**DATASET RECORDS**
(* The position operators $G_i=A_i+A_i^\dagger$, $i\geq1$, are monotone independent with respect to the vacuum state $\omega_\Omega(X)=\langle \Omega,X\Omega\rangle$ on the bounded operators on $\mathfrak F_{WM}(\mathcal H)$: if $\mathcal C_i$ denotes the non-unital $*$-algebra generated by $G_i$ (polynomials in $G_i$ without constant term), then (M1) for $i<j>k$ and $p_i\in\mathcal C_i,p_j\in\mathcal C_j,p_k\in\mathcal C_k$ one has $p_ip_jp_k=\omega_\Omega(p_j)p_ip_k$, and (M2) for $j_1>\cdots>j_k<\cdots<j_n$ and $p_{j_m}\in\mathcal C_{j_m}$ one has $\omega_\Omega(p_{j_1}\cdots p_{j_n})=\prod_{m=1}^n\omega_\Omega(p_{j_m})$.
   Context: Let $\mathcal H$ be a separable Hilbert space with a fixed orthonormal basis $\{e_i: i\geq 1\}$, and $\mathfrak F(\mathcal H)=\bigoplus_{n\ge 0}\mathcal H^{\otimes n}$ its full Fock space with vacuum vector $\Omega$. The weakly monotone Fock space $\mathfrak F_{WM}(\mathcal H)$ is the closed subspace of $\mathfrak F(\mathcal H)$ spanned by $\Omega$ and all simple tensors $e_{i_k}\otimes e_{i_{k-1}}\otimes\cdots\otimes e_{i_1}$ with $k\geq 1$ and $i_k\geq i_{k-1}\geq\cdots\geq i_1$. For $i\geq1$ the weakly monotone annihilation operator $A_i$ and creation operator $A_i^\dagger$ are the bounded operators on $\mathfrak F_{WM}(\mathcal H)$ defined on this spanning set by $A_i\Omega=0$, $A_i(e_{i_k}\otimes\cdots\otimes e_{i_1})=\delta_{i,i_k}\, e_{i_{k-1}}\otimes\cdots\otimes e_{i_1}$ (interpreted as $\delta_{i,i_1}\Omega$ when $k=1$), $A_i^\dagger\Omega=e_i$, and $A_i^\dagger(e_{i_k}\otimes\cdots\otimes e_{i_1})=e_i\otimes e_{i_k}\otimes\cdots\otimes e_{i_1}$ if $i\geq i_k$ and $=0$ if $i<i_k$. They are mutually adjoint, of norm one. The position operators are $G_i:=A_i+A_i^\dagger$ (self-adjoint). *)

From HB Require Import structures.
From mathcomp Require Import all_boot all_order all_algebra.
Set Implicit Arguments. Unset Strict Implicit. Unset Printing Implicit Defensive.
Import Order.TTheory GRing.Theory Num.Theory.
Local Open Scope ring_scope.

(* Basis of the weakly monotone Fock space: the word [:: i_k; ...; i_1]
   stands for e_{i_k} (x) ... (x) e_{i_1}; the empty word is the vacuum Omega. *)
Definition wm_word (w : seq nat) : bool :=
  all (fun x => 0 < x)%N w && sorted (fun a b => b <= a)%N w.

(* Vectors are given by their coefficients on the basis words
   (only coefficients of valid words are ever read or produced). *)
Definition vec (R : numClosedFieldType) := seq nat -> R.

Definition basisv (R : numClosedFieldType) (w : seq nat) : vec R :=
  fun u => if u == w then 1 else 0.

Definition vacuum (R : numClosedFieldType) : vec R := basisv R [::].

Definition ann (R : numClosedFieldType) (i : nat) (v : vec R) : vec R :=
  fun w => if wm_word (i :: w) then v (i :: w) else 0.

Definition cre (R : numClosedFieldType) (i : nat) (v : vec R) : vec R :=
  fun u => match u with
           | [::] => 0
           | i' :: w => if (i' == i) && wm_word u then v w else 0
           end.

Definition posop (R : numClosedFieldType) (i : nat) (v : vec R) : vec R :=
  fun w => ann i v w + cre i v w.

Definition poly_op (R : numClosedFieldType) (p : {poly R}) (i : nat)
  (v : vec R) : vec R :=
  fun w => \sum_(n < size p) p`_n * iter n (posop i) v w.

Definition no_const (R : numClosedFieldType) (p : {poly R}) : bool :=
  p`_0 == 0.

Definition omega (R : numClosedFieldType) (X : vec R -> vec R) : R :=
  X (vacuum R) [::].

(* product p_{j_1} ... p_{j_n} (as operator, first factor outermost) *)
Definition prod_op (R : numClosedFieldType) (jps : seq (nat * {poly R}))
  (v : vec R) : vec R :=
  foldr (fun jp u => poly_op jp.2 jp.1 u) v jps.

From HB Require Import structures.
From mathcomp Require Import all_boot all_order all_algebra.
From Stdlib Require Import FunctionalExtensionality.
Import Order.TTheory GRing.Theory Num.Theory.
Set Implicit Arguments. Unset Strict Implicit.
Local Open Scope ring_scope.

(* Let [v] be supported on words whose first letter is below [j].  On a word
   [j^c r] with [r] not led by [j], the operator [G_j] only moves the
   [j]-prefix, exactly as on [j^c], so [(p(G_j) v)(u) = omega(p(G_j)) v(u)]
   whenever [u] is not led by [j].  Since [G_i] with [i < j] never reads
   coefficients on words led by [j], an inner factor [p(G_j)] can be replaced
   by the scalar [omega(p(G_j))] below any [p(G_i)] with [i < j]: this is (M1),
   and it absorbs the increasing tail of a product in (M2) from the inside,
   while the decreasing head is peeled off from the outside. *)

Lemma wm_cons a s : wm_word (a :: s) =
  [&& (0 < a)%N, wm_word s & (if s is b :: _ then (b <= a)%N else true)].
Proof.
rewrite /wm_word /=; case: s => [|b s] /=; first by rewrite !andbT.
by case: (0 < a)%N; case: (0 < b)%N; case: (b <= a)%N; case: (all _ _); case: (path _ _ _).
Qed.

Lemma wm_nseq_cat j c r : wm_word r -> (if r is b :: _ then (b <= j)%N else true) ->
  wm_word (nseq c j ++ r) = wm_word (nseq c j).
Proof.
move=> wr hr; elim: c => [|c IH] //=.
rewrite !wm_cons IH; case: c {IH} => [|c] //=.
by case: r wr hr => [|b r] //= _ ->.
Qed.

Definition led_by (j : nat) (u : seq nat) : bool :=
  if u is a :: _ then a == j else false.

Section WeaklyMonotoneFock.
Variable R : numClosedFieldType.
Implicit Types (v f g : vec R) (p : {poly R}).

Definition scalev (a : R) v : vec R := fun u => a * v u.

Definition supported_below (j : nat) v :=
  (forall u, ~~ wm_word u -> v u = 0) /\ (forall a u, (j <= a)%N -> v (a :: u) = 0).

Lemma vacuum_supported_below j : supported_below j (vacuum R).
Proof. by split=> [[|a u]|a u] //=; rewrite /vacuum /basisv. Qed.

Lemma posop_notwm i f u : ~~ wm_word u -> posop i f u = 0.
Proof.
move=> hu; rewrite /posop /ann /cre wm_cons (negbTE hu) andbF add0r.
by case: u {hu} => [|i' w] //; rewrite andbF.
Qed.

Lemma posop_cons_gt i f a u : (i < a)%N -> posop i f (a :: u) = 0.
Proof.
move=> hia; rewrite /posop /ann /cre wm_cons /= [(a <= i)%N]leqNgt hia !andbF add0r.
by rewrite gtn_eqF.
Qed.

Lemma poly_op_eq0 p i f u : no_const p ->
  (forall g, posop i g u = 0) -> poly_op p i f u = 0.
Proof.
move=> /eqP p0 hu; rewrite /poly_op big1 // => -[[|n] ?] _ /=.
  by rewrite p0 mul0r.
by rewrite hu mulr0.
Qed.

Lemma poly_op_supported_below p i j f : no_const p -> (i < j)%N ->
  supported_below j (poly_op p i f).
Proof.
move=> p0 hij; split=> [u hu|a u hja]; apply: poly_op_eq0 => // g.
  exact: posop_notwm.
exact/posop_cons_gt/(leq_trans hij).
Qed.

Lemma posop_eq_off_led i j v v' : (i < j)%N ->
  (forall u, ~~ led_by j u -> v u = v' u) -> posop i v = posop i v'.
Proof.
move=> hij hv; apply: functional_extensionality => w.
rewrite /posop /ann /cre hv /=; last by rewrite ltn_eqF.
congr (_ + _); case: w => [|i' w] //.
case: ifP => // /andP [/eqP -> hw]; rewrite hv //.
move: hw; rewrite wm_cons; case: w => [|b w] //= /and3P [_ _ hb].
by rewrite ltn_eqF // (leq_ltn_trans hb hij).
Qed.

Lemma poly_op_eq_off_led p i j v v' : no_const p -> (i < j)%N ->
  (forall u, ~~ led_by j u -> v u = v' u) -> poly_op p i v = poly_op p i v'.
Proof.
move=> /eqP p0 hij hv; apply: functional_extensionality => w.
rewrite /poly_op; apply: eq_bigr => -[[|n] ?] _; first by rewrite /= p0 !mul0r.
by rewrite !iterSr (posop_eq_off_led hij hv).
Qed.

Lemma posop_scalev i a v : posop i (scalev a v) = scalev a (posop i v).
Proof.
apply: functional_extensionality => w; rewrite /posop /ann /cre /scalev mulrDr.
by congr (_ + _); [|case: w => [|? ?]]; rewrite ?mulr0 //; case: ifP; rewrite ?mulr0.
Qed.

Lemma poly_op_scalev p i a v : poly_op p i (scalev a v) = scalev a (poly_op p i v).
Proof.
have iterZ n : iter n (posop i) (scalev a v) = scalev a (iter n (posop i) v).
  by elim: n => //= n ->; rewrite posop_scalev.
apply: functional_extensionality => w; rewrite /poly_op /scalev mulr_sumr.
by apply: eq_bigr => n _; rewrite iterZ mulrCA.
Qed.

Lemma if_mulr (b b' : bool) (y x : R) : x = 0 \/ b = b' ->
  (if b then y * x else 0) = (if b' then y else 0) * x.
Proof. by case=> [->|->]; case: ifP; rewrite ?mulr0 ?mul0r. Qed.

(* Here [x] stands for [v r]: appending [r] can only change the validity of a
   word when [v r = 0]. *)
Lemma posop_nseq_cat j f g r x : ~~ led_by j r ->
  (forall d, x = 0 \/ wm_word (nseq d j ++ r) = wm_word (nseq d j)) ->
  (forall d, f (nseq d j ++ r) = g (nseq d j) * x) ->
  forall c, posop j f (nseq c j ++ r) = posop j g (nseq c j) * x.
Proof.
move=> hr hwm hf c; rewrite /posop /ann /cre mulrDl.
congr (_ + _); first by rewrite -[j :: _]/(nseq c.+1 j ++ r) hf; exact: if_mulr (hwm _).
case: c => [|c] /=.
  by case: r hr {hf hwm} => [|a r] /= => [|/negbTE ->]; rewrite mul0r.
by rewrite eqxx /= -[j :: _ ++ r]/(nseq c.+1 j ++ r) hf; exact: if_mulr (hwm _).
Qed.

Lemma iter_posop_nseq_cat j v r n c : supported_below j v -> ~~ led_by j r ->
  iter n (posop j) v (nseq c j ++ r) = iter n (posop j) (vacuum R) (nseq c j) * v r.
Proof.
move=> [v_wm v_below] hr.
have hwm d : v r = 0 \/ wm_word (nseq d j ++ r) = wm_word (nseq d j).
  have [|vr] := eqVneq (v r) 0; [by left | right].
  apply: wm_nseq_cat; first by apply: contraNT vr => /v_wm ->.
  case: r hr vr => [|b r] // _ vr; rewrite leqNgt.
  by apply: contra vr => /ltnW /v_below ->.
elim: n c => [|n IH] c /=; last exact: posop_nseq_cat.
case: c => [|c] /=; first by rewrite /vacuum /basisv eqxx mul1r.
by rewrite v_below // mul0r.
Qed.

Lemma poly_op_off_led p j v u : supported_below j v -> ~~ led_by j u ->
  poly_op p j v u = omega (poly_op p j) * v u.
Proof.
move=> hv hu; rewrite /poly_op /omega mulr_suml; apply: eq_bigr => n _.
by rewrite -mulrA -(iter_posop_nseq_cat n 0 hv hu).
Qed.

Lemma poly_op_absorb pi pj i j v : no_const pi -> (i < j)%N -> supported_below j v ->
  poly_op pi i (poly_op pj j v) = scalev (omega (poly_op pj j)) (poly_op pi i v).
Proof.
move=> pi0 hij hv; rewrite -poly_op_scalev.
by apply: (poly_op_eq_off_led pi0 hij) => u hu; rewrite poly_op_off_led.
Qed.

Definition factors_no_const (L : seq (nat * {poly R})) := all (fun jp => no_const jp.2) L.

Lemma prod_op_increasing j p L :
  sorted (fun a b => a < b)%N (j :: unzip1 L) -> factors_no_const ((j, p) :: L) ->
  prod_op ((j, p) :: L) (vacuum R)
  = scalev (\prod_(jp <- L) omega (poly_op jp.2 jp.1)) (poly_op p j (vacuum R)).
Proof.
elim: L j p => [|[j' p'] L IH] j p.
  by move=> _ _; apply: functional_extensionality => u; rewrite /scalev big_nil mul1r.
move=> hs0 hL0.
have /andP [hjj' hs] : (j < j')%N && sorted (fun a b => a < b)%N (j' :: unzip1 L) := hs0.
have /andP [p0 hL] : no_const p && factors_no_const ((j', p') :: L) := hL0.
rewrite -[prod_op _ _]/(poly_op p j (prod_op ((j', p') :: L) (vacuum R))).
rewrite (IH j' p' hs hL) poly_op_scalev (poly_op_absorb p' p0 hjj' (vacuum_supported_below j')).
apply: functional_extensionality => u.
by rewrite /scalev big_cons mulrA [_ * omega _]mulrC.
Qed.

Lemma omega_prod_op_valley L k : (0 < k <= size L)%N ->
  sorted (fun a b => b < a)%N (take k (unzip1 L)) ->
  sorted (fun a b => a < b)%N (drop k.-1 (unzip1 L)) ->
  factors_no_const L ->
  omega (prod_op L) = \prod_(jp <- L) omega (poly_op jp.2 jp.1).
Proof.
elim: L k => [|[j p] L IH] [|[|k]] // hk hdec hinc hL.
  by rewrite /omega (prod_op_increasing hinc hL) /scalev big_cons mulrC.
case: L IH hk hdec hinc hL => [|[j2 p2] L] IH // hk hdec0 hinc hL0.
have /andP [hj2j hdec] :
  (j2 < j)%N && sorted (fun a b => b < a)%N (take k.+1 (unzip1 ((j2, p2) :: L))) := hdec0.
have /andP [_ hL] : no_const p && factors_no_const ((j2, p2) :: L) := hL0.
have /andP [p20 _] := hL.
have hv := poly_op_supported_below (prod_op L (vacuum R)) p20 hj2j.
rewrite /omega -[prod_op ((j, p) :: _) _]/(poly_op p j (prod_op ((j2, p2) :: L) (vacuum R))).
by rewrite (poly_op_off_led _ hv) // big_cons -(IH k.+1).
Qed.

End WeaklyMonotoneFock.

Theorem corollary2p3 (R : numClosedFieldType) :
  (* (M1) *)
  (forall (i j k : nat) (pi pj pk : {poly R}),
      (0 < i)%N -> (0 < j)%N -> (0 < k)%N -> (i < j)%N -> (k < j)%N ->
      no_const pi -> no_const pj -> no_const pk ->
      forall w : seq nat, wm_word w ->
        poly_op pi i (poly_op pj j (poly_op pk k (basisv R w)))
        = (fun u => omega (poly_op pj j) * poly_op pi i (poly_op pk k (basisv R w)) u))
  /\
  (* (M2) *)
  (forall (js : seq nat) (ps : seq {poly R}) (k : nat),
      size ps = size js ->
      all (fun j => 0 < j)%N js ->
      all (@no_const R) ps ->
      (0 < k <= size js)%N ->
      sorted (fun a b => b < a)%N (take k js) ->
      sorted (fun a b => a < b)%N (drop k.-1 js) ->
      omega (prod_op (zip js ps))
      = \prod_(jp <- zip js ps) omega (poly_op jp.2 jp.1)).
Proof.
split=> [i j k pi pj pk _ _ _ hij hkj pi0 _ pk0 w _ | js ps k hs _ hps hk hdec hinc].
  exact/poly_op_absorb/poly_op_supported_below.
have js_eq : unzip1 (zip js ps) = js by rewrite unzip1_zip // hs.
have ps_eq : unzip2 (zip js ps) = ps by rewrite unzip2_zip // hs.
apply: (omega_prod_op_valley (k := k)); rewrite ?js_eq ?size_zip ?hs ?minnn //.
by rewrite /factors_no_const -ps_eq all_map in hps.
Qed.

**WHAT YOU SHOULD DO**
What you return should be exactly the lines above, starting at the one with "sorted (fun a b => a < b)%N (drop k.-1 (unzip1" and ending at the one with "(0 < i)%N -> (0 < j)%N", and nothing else.

**THE ANSWER**
  sorted (fun a b => a < b)%N (drop k.-1 (unzip1 L)) ->
  factors_no_const L ->
  omega (prod_op L) = \prod_(jp <- L) omega (poly_op jp.2 jp.1).
Proof.
elim: L k => [|[j p] L IH] [|[|k]] // hk hdec hinc hL.
  by rewrite /omega (prod_op_increasing hinc hL) /scalev big_cons mulrC.
case: L IH hk hdec hinc hL => [|[j2 p2] L] IH // hk hdec0 hinc hL0.
have /andP [hj2j hdec] :
  (j2 < j)%N && sorted (fun a b => b < a)%N (take k.+1 (unzip1 ((j2, p2) :: L))) := hdec0.
have /andP [_ hL] : no_const p && factors_no_const ((j2, p2) :: L) := hL0.
have /andP [p20 _] := hL.
have hv := poly_op_supported_below (prod_op L (vacuum R)) p20 hj2j.
rewrite /omega -[prod_op ((j, p) :: _) _]/(poly_op p j (prod_op ((j2, p2) :: L) (vacuum R))).
by rewrite (poly_op_off_led _ hv) // big_cons -(IH k.+1).
Qed.

End WeaklyMonotoneFock.

Theorem corollary2p3 (R : numClosedFieldType) :
  (* (M1) *)
  (forall (i j k : nat) (pi pj pk : {poly R}),
      (0 < i)%N -> (0 < j)%N -> (0 < k)%N -> (i < j)%N -> (k < j)%N ->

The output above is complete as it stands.